■ WORK REQUIRED: Go through the following data and transcribe exactly the stretch of lines from the one holding "(H4_in VP) ->" to the one holding "exists (bd (H4_in", both included.

■ EXCERPTED RECORDS:
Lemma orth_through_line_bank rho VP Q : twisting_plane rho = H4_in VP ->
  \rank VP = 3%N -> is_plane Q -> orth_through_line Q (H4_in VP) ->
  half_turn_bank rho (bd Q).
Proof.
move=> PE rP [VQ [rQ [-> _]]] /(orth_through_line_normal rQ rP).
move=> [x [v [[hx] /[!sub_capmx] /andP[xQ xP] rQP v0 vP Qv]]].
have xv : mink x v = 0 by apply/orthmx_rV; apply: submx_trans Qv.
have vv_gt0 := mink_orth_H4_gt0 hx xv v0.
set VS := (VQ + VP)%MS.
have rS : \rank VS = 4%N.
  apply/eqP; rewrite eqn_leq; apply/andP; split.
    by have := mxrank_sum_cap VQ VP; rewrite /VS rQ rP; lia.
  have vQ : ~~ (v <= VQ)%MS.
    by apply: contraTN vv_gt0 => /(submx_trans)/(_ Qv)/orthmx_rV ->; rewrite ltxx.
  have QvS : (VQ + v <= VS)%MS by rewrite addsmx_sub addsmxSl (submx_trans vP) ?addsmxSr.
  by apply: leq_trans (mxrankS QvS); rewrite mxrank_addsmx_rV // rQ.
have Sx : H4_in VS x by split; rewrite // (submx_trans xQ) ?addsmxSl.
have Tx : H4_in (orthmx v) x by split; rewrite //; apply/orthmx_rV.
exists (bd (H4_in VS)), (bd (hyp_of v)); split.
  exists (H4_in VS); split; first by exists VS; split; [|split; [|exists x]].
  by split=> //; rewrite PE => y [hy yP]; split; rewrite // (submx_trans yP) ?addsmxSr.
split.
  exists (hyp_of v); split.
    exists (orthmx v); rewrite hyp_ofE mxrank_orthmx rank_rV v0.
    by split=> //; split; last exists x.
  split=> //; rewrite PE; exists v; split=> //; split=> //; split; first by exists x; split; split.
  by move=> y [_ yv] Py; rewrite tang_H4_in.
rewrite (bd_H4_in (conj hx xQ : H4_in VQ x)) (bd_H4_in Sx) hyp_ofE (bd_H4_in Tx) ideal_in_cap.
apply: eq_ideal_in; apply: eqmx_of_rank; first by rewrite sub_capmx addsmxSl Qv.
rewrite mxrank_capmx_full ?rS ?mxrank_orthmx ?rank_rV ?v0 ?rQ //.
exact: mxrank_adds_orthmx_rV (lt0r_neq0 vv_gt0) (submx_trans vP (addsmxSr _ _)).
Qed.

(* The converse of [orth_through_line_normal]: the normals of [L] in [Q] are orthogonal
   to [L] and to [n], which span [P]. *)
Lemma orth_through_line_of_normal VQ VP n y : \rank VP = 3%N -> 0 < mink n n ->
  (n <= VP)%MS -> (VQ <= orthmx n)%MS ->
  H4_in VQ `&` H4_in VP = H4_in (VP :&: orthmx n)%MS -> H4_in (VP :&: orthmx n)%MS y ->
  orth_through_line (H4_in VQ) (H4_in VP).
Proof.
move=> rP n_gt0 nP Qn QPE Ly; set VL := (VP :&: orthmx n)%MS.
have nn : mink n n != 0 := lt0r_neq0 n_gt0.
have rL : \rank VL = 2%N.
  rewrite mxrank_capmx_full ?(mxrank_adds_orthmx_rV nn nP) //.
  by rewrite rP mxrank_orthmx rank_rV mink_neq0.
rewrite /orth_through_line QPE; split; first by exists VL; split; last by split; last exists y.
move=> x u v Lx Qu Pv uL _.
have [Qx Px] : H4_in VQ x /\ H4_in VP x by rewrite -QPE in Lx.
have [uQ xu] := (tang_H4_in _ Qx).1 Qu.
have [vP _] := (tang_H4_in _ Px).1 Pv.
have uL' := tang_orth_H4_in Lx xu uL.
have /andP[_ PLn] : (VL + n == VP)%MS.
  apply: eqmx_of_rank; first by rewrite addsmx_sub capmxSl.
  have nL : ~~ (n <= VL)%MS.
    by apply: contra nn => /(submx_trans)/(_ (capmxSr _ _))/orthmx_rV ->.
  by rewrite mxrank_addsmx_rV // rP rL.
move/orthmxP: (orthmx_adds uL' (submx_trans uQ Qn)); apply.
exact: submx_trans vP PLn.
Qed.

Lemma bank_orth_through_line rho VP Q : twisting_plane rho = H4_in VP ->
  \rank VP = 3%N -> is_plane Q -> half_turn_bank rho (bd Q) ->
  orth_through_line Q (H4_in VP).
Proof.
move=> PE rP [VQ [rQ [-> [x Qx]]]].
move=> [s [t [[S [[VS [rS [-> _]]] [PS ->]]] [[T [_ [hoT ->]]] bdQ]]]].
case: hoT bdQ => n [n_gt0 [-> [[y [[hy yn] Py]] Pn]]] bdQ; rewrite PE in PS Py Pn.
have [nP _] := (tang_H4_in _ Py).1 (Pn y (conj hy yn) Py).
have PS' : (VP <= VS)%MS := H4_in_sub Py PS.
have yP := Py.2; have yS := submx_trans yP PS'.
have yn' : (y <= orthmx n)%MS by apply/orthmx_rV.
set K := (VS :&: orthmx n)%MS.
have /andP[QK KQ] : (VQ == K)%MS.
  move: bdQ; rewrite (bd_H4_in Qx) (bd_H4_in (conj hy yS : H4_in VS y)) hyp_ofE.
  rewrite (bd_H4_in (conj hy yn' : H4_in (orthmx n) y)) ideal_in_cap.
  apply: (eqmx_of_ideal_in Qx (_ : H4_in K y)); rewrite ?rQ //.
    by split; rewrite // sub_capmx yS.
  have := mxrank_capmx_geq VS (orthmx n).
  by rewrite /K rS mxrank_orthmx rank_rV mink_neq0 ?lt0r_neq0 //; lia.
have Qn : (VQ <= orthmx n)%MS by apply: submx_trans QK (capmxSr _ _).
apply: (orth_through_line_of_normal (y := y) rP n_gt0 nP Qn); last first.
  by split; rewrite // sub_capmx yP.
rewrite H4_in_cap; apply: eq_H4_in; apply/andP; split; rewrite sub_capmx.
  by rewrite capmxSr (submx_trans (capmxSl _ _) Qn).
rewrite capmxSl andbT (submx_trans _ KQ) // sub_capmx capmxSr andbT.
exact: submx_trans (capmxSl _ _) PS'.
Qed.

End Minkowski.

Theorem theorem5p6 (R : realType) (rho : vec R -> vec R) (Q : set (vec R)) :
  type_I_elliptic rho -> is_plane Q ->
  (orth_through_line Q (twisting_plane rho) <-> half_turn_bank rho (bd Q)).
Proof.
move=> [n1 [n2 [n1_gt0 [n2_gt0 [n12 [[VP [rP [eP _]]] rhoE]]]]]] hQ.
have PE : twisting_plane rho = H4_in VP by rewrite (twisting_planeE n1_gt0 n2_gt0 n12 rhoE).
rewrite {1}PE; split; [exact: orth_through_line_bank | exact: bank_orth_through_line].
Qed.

--

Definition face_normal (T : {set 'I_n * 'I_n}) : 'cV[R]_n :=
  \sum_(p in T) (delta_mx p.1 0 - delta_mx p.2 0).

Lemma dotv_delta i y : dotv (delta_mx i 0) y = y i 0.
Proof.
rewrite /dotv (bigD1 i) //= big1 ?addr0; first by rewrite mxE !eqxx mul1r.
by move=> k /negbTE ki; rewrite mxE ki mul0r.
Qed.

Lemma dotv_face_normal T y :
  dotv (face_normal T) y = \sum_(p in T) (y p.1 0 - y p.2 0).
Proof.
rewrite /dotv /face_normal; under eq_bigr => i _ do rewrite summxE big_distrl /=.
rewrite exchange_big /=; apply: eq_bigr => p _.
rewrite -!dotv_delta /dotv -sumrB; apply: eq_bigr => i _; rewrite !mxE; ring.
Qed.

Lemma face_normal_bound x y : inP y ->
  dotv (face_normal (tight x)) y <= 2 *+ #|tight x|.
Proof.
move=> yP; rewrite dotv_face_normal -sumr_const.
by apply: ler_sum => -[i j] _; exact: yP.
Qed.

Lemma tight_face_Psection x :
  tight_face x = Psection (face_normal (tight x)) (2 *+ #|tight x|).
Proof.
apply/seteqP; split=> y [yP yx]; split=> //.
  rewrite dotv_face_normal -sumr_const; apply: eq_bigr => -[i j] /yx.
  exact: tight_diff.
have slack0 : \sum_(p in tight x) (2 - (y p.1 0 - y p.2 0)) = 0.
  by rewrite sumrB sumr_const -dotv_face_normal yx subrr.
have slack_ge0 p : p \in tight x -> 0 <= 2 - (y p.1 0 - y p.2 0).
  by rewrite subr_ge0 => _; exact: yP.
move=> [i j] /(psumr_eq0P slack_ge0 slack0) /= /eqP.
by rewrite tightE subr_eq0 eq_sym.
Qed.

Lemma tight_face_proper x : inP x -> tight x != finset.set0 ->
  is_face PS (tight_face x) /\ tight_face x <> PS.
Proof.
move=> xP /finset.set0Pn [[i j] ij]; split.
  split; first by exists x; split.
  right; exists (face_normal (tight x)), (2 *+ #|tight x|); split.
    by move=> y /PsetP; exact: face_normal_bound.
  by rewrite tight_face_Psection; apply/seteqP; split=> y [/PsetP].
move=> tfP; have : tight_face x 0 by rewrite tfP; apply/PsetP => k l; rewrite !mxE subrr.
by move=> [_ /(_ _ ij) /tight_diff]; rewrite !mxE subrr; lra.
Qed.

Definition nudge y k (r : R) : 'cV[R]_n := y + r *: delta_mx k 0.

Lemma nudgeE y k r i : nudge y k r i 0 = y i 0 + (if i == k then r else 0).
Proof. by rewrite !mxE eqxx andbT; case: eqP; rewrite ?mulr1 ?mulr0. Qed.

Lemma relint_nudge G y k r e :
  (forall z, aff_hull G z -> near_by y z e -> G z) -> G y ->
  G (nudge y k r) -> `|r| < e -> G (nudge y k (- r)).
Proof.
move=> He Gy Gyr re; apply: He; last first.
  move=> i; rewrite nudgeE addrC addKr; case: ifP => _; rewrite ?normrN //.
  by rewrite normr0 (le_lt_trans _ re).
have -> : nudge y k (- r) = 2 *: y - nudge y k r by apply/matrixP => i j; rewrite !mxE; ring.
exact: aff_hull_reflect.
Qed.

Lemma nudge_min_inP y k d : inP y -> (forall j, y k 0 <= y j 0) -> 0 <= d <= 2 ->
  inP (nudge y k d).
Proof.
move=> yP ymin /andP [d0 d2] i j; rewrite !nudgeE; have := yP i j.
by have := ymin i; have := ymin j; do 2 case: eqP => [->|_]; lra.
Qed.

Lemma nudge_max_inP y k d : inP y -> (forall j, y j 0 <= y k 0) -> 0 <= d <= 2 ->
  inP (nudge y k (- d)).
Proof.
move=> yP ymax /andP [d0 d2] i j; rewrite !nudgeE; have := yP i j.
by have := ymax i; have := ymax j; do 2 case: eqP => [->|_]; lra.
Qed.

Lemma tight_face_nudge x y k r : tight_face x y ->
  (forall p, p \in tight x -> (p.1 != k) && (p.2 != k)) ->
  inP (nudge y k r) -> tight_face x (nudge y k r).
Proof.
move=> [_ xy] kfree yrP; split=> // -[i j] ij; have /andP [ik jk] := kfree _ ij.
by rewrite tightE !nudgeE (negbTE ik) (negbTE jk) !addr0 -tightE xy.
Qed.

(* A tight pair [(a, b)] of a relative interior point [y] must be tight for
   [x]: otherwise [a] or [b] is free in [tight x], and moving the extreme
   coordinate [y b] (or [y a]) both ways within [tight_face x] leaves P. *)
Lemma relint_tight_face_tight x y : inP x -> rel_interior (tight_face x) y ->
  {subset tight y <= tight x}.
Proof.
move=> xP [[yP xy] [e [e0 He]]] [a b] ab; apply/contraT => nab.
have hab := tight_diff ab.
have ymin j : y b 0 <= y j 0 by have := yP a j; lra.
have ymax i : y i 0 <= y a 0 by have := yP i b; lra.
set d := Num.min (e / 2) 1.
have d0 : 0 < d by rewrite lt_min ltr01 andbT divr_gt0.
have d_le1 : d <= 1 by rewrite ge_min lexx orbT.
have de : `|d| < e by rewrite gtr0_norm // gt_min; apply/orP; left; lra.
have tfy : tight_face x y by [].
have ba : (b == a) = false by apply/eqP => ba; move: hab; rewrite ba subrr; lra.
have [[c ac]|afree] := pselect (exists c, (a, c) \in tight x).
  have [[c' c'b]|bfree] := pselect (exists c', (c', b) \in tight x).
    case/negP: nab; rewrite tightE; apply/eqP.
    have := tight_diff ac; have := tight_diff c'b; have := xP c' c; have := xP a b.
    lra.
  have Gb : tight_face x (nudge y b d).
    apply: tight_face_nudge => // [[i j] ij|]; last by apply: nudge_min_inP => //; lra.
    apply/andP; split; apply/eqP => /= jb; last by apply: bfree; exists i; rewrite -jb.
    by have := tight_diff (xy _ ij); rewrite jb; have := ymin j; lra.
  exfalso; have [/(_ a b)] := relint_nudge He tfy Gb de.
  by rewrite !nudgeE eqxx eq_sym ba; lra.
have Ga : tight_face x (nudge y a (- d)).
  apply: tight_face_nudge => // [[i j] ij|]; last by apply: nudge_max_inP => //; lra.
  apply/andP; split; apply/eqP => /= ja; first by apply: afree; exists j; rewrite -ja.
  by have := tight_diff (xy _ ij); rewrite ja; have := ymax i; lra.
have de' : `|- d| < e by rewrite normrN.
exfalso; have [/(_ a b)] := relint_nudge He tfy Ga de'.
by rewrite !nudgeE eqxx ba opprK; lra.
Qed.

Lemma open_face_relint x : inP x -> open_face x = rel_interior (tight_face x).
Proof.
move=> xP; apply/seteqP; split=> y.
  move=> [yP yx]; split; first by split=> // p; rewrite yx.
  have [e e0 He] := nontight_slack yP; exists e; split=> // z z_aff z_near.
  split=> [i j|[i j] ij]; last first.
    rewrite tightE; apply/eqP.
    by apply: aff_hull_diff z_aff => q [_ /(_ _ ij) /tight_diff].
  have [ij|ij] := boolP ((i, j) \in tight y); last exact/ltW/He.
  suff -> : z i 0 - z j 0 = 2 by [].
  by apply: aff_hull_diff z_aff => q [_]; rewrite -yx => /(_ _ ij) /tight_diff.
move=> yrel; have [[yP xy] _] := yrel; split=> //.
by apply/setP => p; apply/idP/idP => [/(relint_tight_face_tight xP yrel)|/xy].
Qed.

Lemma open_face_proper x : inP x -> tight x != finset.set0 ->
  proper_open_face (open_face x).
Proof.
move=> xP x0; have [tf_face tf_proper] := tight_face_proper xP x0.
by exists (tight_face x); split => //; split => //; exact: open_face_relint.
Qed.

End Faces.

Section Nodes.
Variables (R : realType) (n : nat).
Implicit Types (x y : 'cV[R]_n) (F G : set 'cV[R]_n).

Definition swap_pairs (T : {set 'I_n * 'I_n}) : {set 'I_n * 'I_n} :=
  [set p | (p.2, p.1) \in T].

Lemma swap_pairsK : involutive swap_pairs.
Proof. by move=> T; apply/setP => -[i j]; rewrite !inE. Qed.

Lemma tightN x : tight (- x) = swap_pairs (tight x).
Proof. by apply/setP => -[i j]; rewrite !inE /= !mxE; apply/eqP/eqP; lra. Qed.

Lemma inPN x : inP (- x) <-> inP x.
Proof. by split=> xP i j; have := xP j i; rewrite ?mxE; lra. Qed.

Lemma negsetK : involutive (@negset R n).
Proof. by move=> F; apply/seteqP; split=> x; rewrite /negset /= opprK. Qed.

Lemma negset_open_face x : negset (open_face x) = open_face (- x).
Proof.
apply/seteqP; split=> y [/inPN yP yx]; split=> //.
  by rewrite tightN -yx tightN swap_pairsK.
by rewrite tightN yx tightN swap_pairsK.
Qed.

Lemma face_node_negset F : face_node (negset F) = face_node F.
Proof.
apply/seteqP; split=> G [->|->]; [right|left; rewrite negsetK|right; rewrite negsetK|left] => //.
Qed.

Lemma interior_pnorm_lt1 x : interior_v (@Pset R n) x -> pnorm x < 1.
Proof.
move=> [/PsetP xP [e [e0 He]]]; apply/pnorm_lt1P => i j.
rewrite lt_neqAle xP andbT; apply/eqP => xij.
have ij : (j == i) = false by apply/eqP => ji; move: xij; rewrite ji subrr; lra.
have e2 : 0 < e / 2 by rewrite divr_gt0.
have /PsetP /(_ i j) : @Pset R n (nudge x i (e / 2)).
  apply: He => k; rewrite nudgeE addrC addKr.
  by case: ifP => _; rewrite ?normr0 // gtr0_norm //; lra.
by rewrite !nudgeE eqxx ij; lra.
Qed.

■ EXPECTED ANSWER:
  \rank VP = 3%N -> is_plane Q -> orth_through_line Q (H4_in VP) ->
  half_turn_bank rho (bd Q).
Proof.
move=> PE rP [VQ [rQ [-> _]]] /(orth_through_line_normal rQ rP).
move=> [x [v [[hx] /[!sub_capmx] /andP[xQ xP] rQP v0 vP Qv]]].
have xv : mink x v = 0 by apply/orthmx_rV; apply: submx_trans Qv.
have vv_gt0 := mink_orth_H4_gt0 hx xv v0.
set VS := (VQ + VP)%MS.
have rS : \rank VS = 4%N.
  apply/eqP; rewrite eqn_leq; apply/andP; split.
    by have := mxrank_sum_cap VQ VP; rewrite /VS rQ rP; lia.
  have vQ : ~~ (v <= VQ)%MS.
    by apply: contraTN vv_gt0 => /(submx_trans)/(_ Qv)/orthmx_rV ->; rewrite ltxx.
  have QvS : (VQ + v <= VS)%MS by rewrite addsmx_sub addsmxSl (submx_trans vP) ?addsmxSr.
  by apply: leq_trans (mxrankS QvS); rewrite mxrank_addsmx_rV // rQ.
have Sx : H4_in VS x by split; rewrite // (submx_trans xQ) ?addsmxSl.
have Tx : H4_in (orthmx v) x by split; rewrite //; apply/orthmx_rV.
exists (bd (H4_in VS)), (bd (hyp_of v)); split.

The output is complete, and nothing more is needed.